In the last two times the Harvard women’s soccer team faced off against Princeton, a total of 12 goals were exchanged between the two sides. From the outset of their latest encounter on Saturday afternoon, however, heavy rain threatened to hamper the two high-flying offenses.
As it turned out, the wet conditions played a role in keeping the game low-scoring, but the performances of the two goalkeepers were more responsible for the tight affair. A 4th minute goal from senior forward Karly Zlatic after a scramble in the box proved to be the difference, as the contest ended 1-0 in favor of the Crimson.
“It was a wet and windy game and challenging for both teams to get their rhythm going,” said Harvard coach Chris Hamblin. “I’m incredibly proud of the team and how we were able to grind out the result today, on a day we didn’t necessarily playing our most attractive football.
With the win over the Tigers, the Crimson (8-3-3, 3-0-2 Ivy League) held onto its second-place standing in the Ivy League. It now sits just two points behind league leader Columbia after the Lions were held to a draw against Dartmouth at home. The two teams will have tough road matchups next weekend before clashing the following week, on the last day of the regular season.
Princeton (9-4-1, 1-3-1), meanwhile, continues to freefall after starting the season with a nearly perfect run of nonconference games. It has lost three in a row, and is currently tied for fifth in the conference.
The Tigers’ performance on Saturday mirrored that of its last two losses, as they dominated possession and enjoyed the greater share of chances. Just as against Brown and Columbia in the two weekends before this one, they easily outshot Harvard. For the second straight time, however, Princeton did not find the back of the net.
Crimson senior goalkeeper Lizzie Durack was the main reason for the shutout, as she saved all seven shots that the Tigers fired on target. She was especially sharp at the beginning of the second half, when Princeton came out with a sense of urgency and peppered Durack’s goal.

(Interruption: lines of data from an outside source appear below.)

(* Let $\mathfrak g$ be the free nilpotent real Lie algebra of rank $r\ge2$ and step $s\ge2$, of dimension $n$, with a Hall basis $X_1,\dots,X_n$. For every $\beta\in\mathbb{N}^n$, $i\in\{1,\dots,n\}$ and $q\in\{1,\dots,r\}$, $$[[X_i,X_q],X_\beta]=\sum_{\ell\in\mathcal A_{\beta,q}}\frac{\beta!}{(\beta-I(\ell))!\,I(\ell)!}\,[X_i,X_{\beta-I(\ell)+e_\ell}],$$ where $\mathcal A_{\beta,q}=\{\ell\in\{1,\dots,n\}: q\prec\ell,\ I(\ell)\le\beta\}$.
   Context: Multi-indices $\mathbb{N}^n$: $|\alpha|=\sum\alpha_i$, $\alpha!=\prod\alpha_i!$, $\alpha\le\beta$ componentwise, $e_k$ the $k$-th unit vector. Hall basis: take a basis $X_1,\dots,X_r$ of the first layer $\mathfrak g_1$ (degree 1); inductively, the basis elements of degree $d$ are the brackets $[X_i,X_j]$ of previously constructed elements with $i>j$, $d(i)+d(j)=d$, and such that, if $X_i$ (of degree $\ge2$) was constructed as $[X_h,X_k]$, then $k\le j$; they are listed after all elements of lower degree. To each index $\ell$ attach a string: $(\ell)$ if $\ell\le r$; if $X_\ell$ was constructed as $[X_a,X_b]$, the string of $a$ followed by $b$. With string $(\ell_0,\dots,\ell_h)$ one has $X_\ell=[\cdots[[X_{\ell_0},X_{\ell_1}],X_{\ell_2}],\dots,X_{\ell_h}]$. Define $I(\ell)\in\mathbb{N}^n$ by $I(\ell)_j=\#\{1\le p\le h:\ell_p=j\}$, and write $j\prec\ell$ if the string of $j$ is an initial segment of the string of $\ell$ (for $q\le r$, $q\prec\ell$ iff $\ell_0=q$). For $Y\in\mathfrak g$ and $\alpha\in\mathbb{N}^n$, $[Y,X_\alpha]$ denotes the left-nested bracket $[\cdots[[Y,X_1],X_1],\dots,X_n]$ where $X_1$ appears $\alpha_1$ times, then $X_2$ appears $\alpha_2$ times, ..., then $X_n$ appears $\alpha_n$ times; $[Y,X_0]=Y$. *)

From HB Require Import structures.
From mathcomp Require Import all_boot all_order all_algebra.
From mathcomp Require Import reals.
Set Implicit Arguments. Unset Strict Implicit. Unset Printing Implicit Defensive.
Import Order.TTheory GRing.Theory Num.Theory.
Local Open Scope ring_scope.

Definition lie_bracket (R : pzRingType) (L : lmodType R) (br : L -> L -> L) : Prop :=
  [/\ forall (c : R) (x y z : L), br (c *: x + y) z = c *: br x z + br y z,
      forall (c : R) (x y z : L), br x (c *: y + z) = c *: br x y + br x z,
      forall x : L, br x x = 0 &
      forall x y z : L, br x (br y z) + br y (br z x) + br z (br x y) = 0].

Definition nilpotent_step (R : pzRingType) (L : lmodType R) (br : L -> L -> L)
  (s : nat) : Prop :=
  forall (x : L) (zs : seq L), size zs = s -> foldl br x zs = 0.

Definition lie_hom (R : pzRingType) (L M : lmodType R) (brL : L -> L -> L)
  (brM : M -> M -> M) (phi : L -> M) : Prop :=
  (forall (c : R) (x y : L), phi (c *: x + y) = c *: phi x + phi y) /\
  (forall x y : L, phi (brL x y) = brM (phi x) (phi y)).

Definition free_nilpotent (R : pzRingType) (r s : nat) (L : lmodType R)
  (br : L -> L -> L) (Y : 'I_r -> L) : Prop :=
  [/\ lie_bracket br, nilpotent_step br s &
      forall (M : lmodType R) (brM : M -> M -> M),
        lie_bracket brM -> nilpotent_step brM s ->
        forall f : 'I_r -> M,
          exists phi : L -> M,
            [/\ lie_hom br brM phi, (forall i, phi (Y i) = f i) &
                forall psi : L -> M, lie_hom br brM psi ->
                  (forall i, psi (Y i) = f i) -> forall x, psi x = phi x]].

(* ---------- Hall basis (indices are 0-based: paper's X_{l+1} is our l) ------ *)

(* Combinatorial data of a Hall basis of the free nilpotent Lie algebra of rank r
   and step s, listed as X_0, ..., X_{n-1}:
   - indices l < r are the degree-1 elements (basis of the first layer);
   - an index l >= r is the bracket [X_(a l), X_(b l)];
   - deg is the degree, nondecreasing along the list;
   - the elements of degree >= 2 are exactly (and each once) the brackets
     [X_i, X_j] with i > j, deg i + deg j <= s and, if X_i = [X_h, X_k], k <= j.
   (a l, b l are irrelevant for l < r.) *)
Definition is_hall (r s n : nat) (deg : 'I_n -> nat) (a b : 'I_n -> 'I_n) : Prop :=
  [/\ (r <= n)%N,
      forall l : 'I_n, (l < r)%N -> deg l = 1%N &
      forall l : 'I_n, (r <= l)%N ->
        [/\ (b l < a l)%N, deg l = (deg (a l) + deg (b l))%N &
            ((r <= a l)%N -> (b (a l) <= b l)%N)]] /\
  [/\ forall l m : 'I_n, (l <= m)%N -> (deg l <= deg m)%N,
      forall l : 'I_n, (deg l <= s)%N,
      forall l m : 'I_n, (r <= l)%N -> (r <= m)%N -> a l = a m -> b l = b m -> l = m &
      forall i j : 'I_n, (j < i)%N -> (deg i + deg j <= s)%N ->
        ((r <= i)%N -> (b i <= j)%N) ->
        exists l : 'I_n, [/\ (r <= l)%N, a l = i & b l = j]].

(* the string (l_0, ..., l_h) attached to the index l (fuel-driven recursion;
   fuel n suffices since a l < l) *)
Fixpoint hall_string_fuel (r n : nat) (a b : 'I_n -> 'I_n) (fuel : nat) (l : 'I_n)
  : seq 'I_n :=
  match fuel with
  | 0 => [:: l]
  | k.+1 => if (l < r)%N then [:: l]
            else rcons (hall_string_fuel r a b k (a l)) (b l)
  end.

Definition hall_string (r n : nat) (a b : 'I_n -> 'I_n) (l : 'I_n) : seq 'I_n :=
  hall_string_fuel r a b n l.

Definition hall_I (r n : nat) (a b : 'I_n -> 'I_n) (l : 'I_n) : 'I_n -> nat :=
  fun j => count_mem j (behead (hall_string r a b l)).

Definition hall_prec (r n : nat) (a b : 'I_n -> 'I_n) (j l : 'I_n) : bool :=
  prefix (hall_string r a b j) (hall_string r a b l).

Definition mi_le (n : nat) (al be : 'I_n -> nat) : bool := [forall i, (al i <= be i)%N].
Definition mi_fact (n : nat) (al : 'I_n -> nat) : nat := (\prod_(i < n) (al i)`!)%N.
Definition mi_sub (n : nat) (al be : 'I_n -> nat) : 'I_n -> nat := fun i => (al i - be i)%N.
Definition mi_add (n : nat) (al be : 'I_n -> nat) : 'I_n -> nat := fun i => (al i + be i)%N.
Definition mi_unit (n : nat) (k : 'I_n) : 'I_n -> nat := fun i => (i == k : nat).

Definition brack_mi (n : nat) (L : Type) (br : L -> L -> L) (Y : L)
  (X : 'I_n -> L) (al : 'I_n -> nat) : L :=
  foldl br Y (flatten [seq nseq (al i) (X i) | i <- enum 'I_n]).

From HB Require Import structures.
From mathcomp Require Import all_boot all_order all_algebra.
From mathcomp Require Import reals.
From mathcomp Require Import zify.
Import Order.TTheory GRing.Theory Num.Theory.

(* Induction on |be|.  Let m be the largest index with be_m > 0 and be' = be - e_m,
   so that [[X_i, X_q], X_be] = [[[X_i, X_q], X_be'], X_m].  Bracketing a term
   [X_i, X_(be' - I(l) + e_l)] of the expansion for be' with X_m gives the term of
   the same index for be when l <= m; when m < l, Jacobi moves X_m before X_l at the
   cost of [[X_i, X_(be' - I(l))], [X_l, X_m]].  By the Hall conditions [X_l, X_m]
   is either the basis element l' with string (string of l, m), so that
   I(l') = I(l) + e_m, or it vanishes by nilpotency; hence these extra terms are the
   terms for be indexed by the l' whose string ends in m, and the coefficients add up
   by Pascal's rule C(be, J) = C(be', J) + C(be', J - e_m). *)

Set Implicit Arguments. Unset Strict Implicit. Unset Printing Implicit Defensive.
Local Open Scope ring_scope.

Section LieBracket.
Variables (R : pzRingType) (L : lmodType R) (br : L -> L -> L).
Hypothesis br_lie : lie_bracket br.

Lemma brDl x y z : br (x + y) z = br x z + br y z.
Proof. by case: br_lie => brl _ _ _; have := brl 1 x y z; rewrite !scale1r. Qed.

Lemma brDr x y z : br z (x + y) = br z x + br z y.
Proof. by case: br_lie => _ brr _ _; have := brr 1 z x y; rewrite !scale1r. Qed.

Lemma br0l z : br 0 z = 0.
Proof. by apply/(addrI (br 0 z)); rewrite -brDl !addr0. Qed.

Lemma br0r z : br z 0 = 0.
Proof. by apply/(addrI (br z 0)); rewrite -brDr !addr0. Qed.

Lemma brZl c x z : br (c *: x) z = c *: br x z.
Proof. by case: br_lie => brl _ _ _; have := brl c x 0 z; rewrite !addr0 br0l addr0. Qed.

Lemma brZr c x z : br z (c *: x) = c *: br z x.
Proof. by case: br_lie => _ brr _ _; have := brr c z x 0; rewrite !addr0 br0r addr0. Qed.

Lemma brBl x y z : br (x - y) z = br x z - br y z.
Proof. by rewrite brDl -scaleN1r brZl scaleN1r. Qed.

Lemma brNr x z : br z (- x) = - br z x.
Proof. by rewrite -scaleN1r brZr scaleN1r. Qed.

Lemma br_anticomm x y : br x y = - br y x.
Proof.
case: br_lie => _ _ brxx _; have := brxx (x + y).
by rewrite brDl !brDr !brxx add0r addr0 => /eqP; rewrite addr_eq0 => /eqP.
Qed.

In the span of 15 minutes right after halftime, Princeton earned three corner kicks and mustered four shots, all while holding the ball almost exclusively in its attacking half. Senior defender Haley Chow directed two well-placed headers at the net during this time, but Durack stood tall in goal and handled both.
“There haven’t been many times this season when we’ve been opened up in the back and needed Lizzie a whole lot,” Hamblin said. “But today, we did, and she came through for us with her handling and leadership. She played like the international goalkeeper that she is.”
The Tigers’ own international star, senior forward Tyler Lussi, led the charge for her team with five shots and three shots on goal. Both totals were game-highs.
On the other side of the field, the Harvard offense found relatively little success against a Princeton defense that keyed in on star senior forward Midge Purce. Only two Crimson players mustered a shot all game, and only Zlatic managed a shot on goal. Purce, meanwhile was held without a single shot for the first time this season.
“Midge is a unbelievably talented player, and she finds ways to help the team even if they don’t show up on the scoresheet,” Durack said. “But for us to still win this game shows how deep of a team we have this year.”
A red card for Tigers junior defender Katie Pratt-Thompson also helped the Crimson see out the shutout. After Princeton was reduced to 10 women in the 76th minute, it barely tested the Harvard defense. Chow fired a desperation shot from long range in the 89th minute, but that was the only attempt on goal by either team in the final 15 minutes.
“Princeton played really well, just as we expected them to,” Durack said. “We were still able to grind out the win though, as we’ve done and need to continue to do.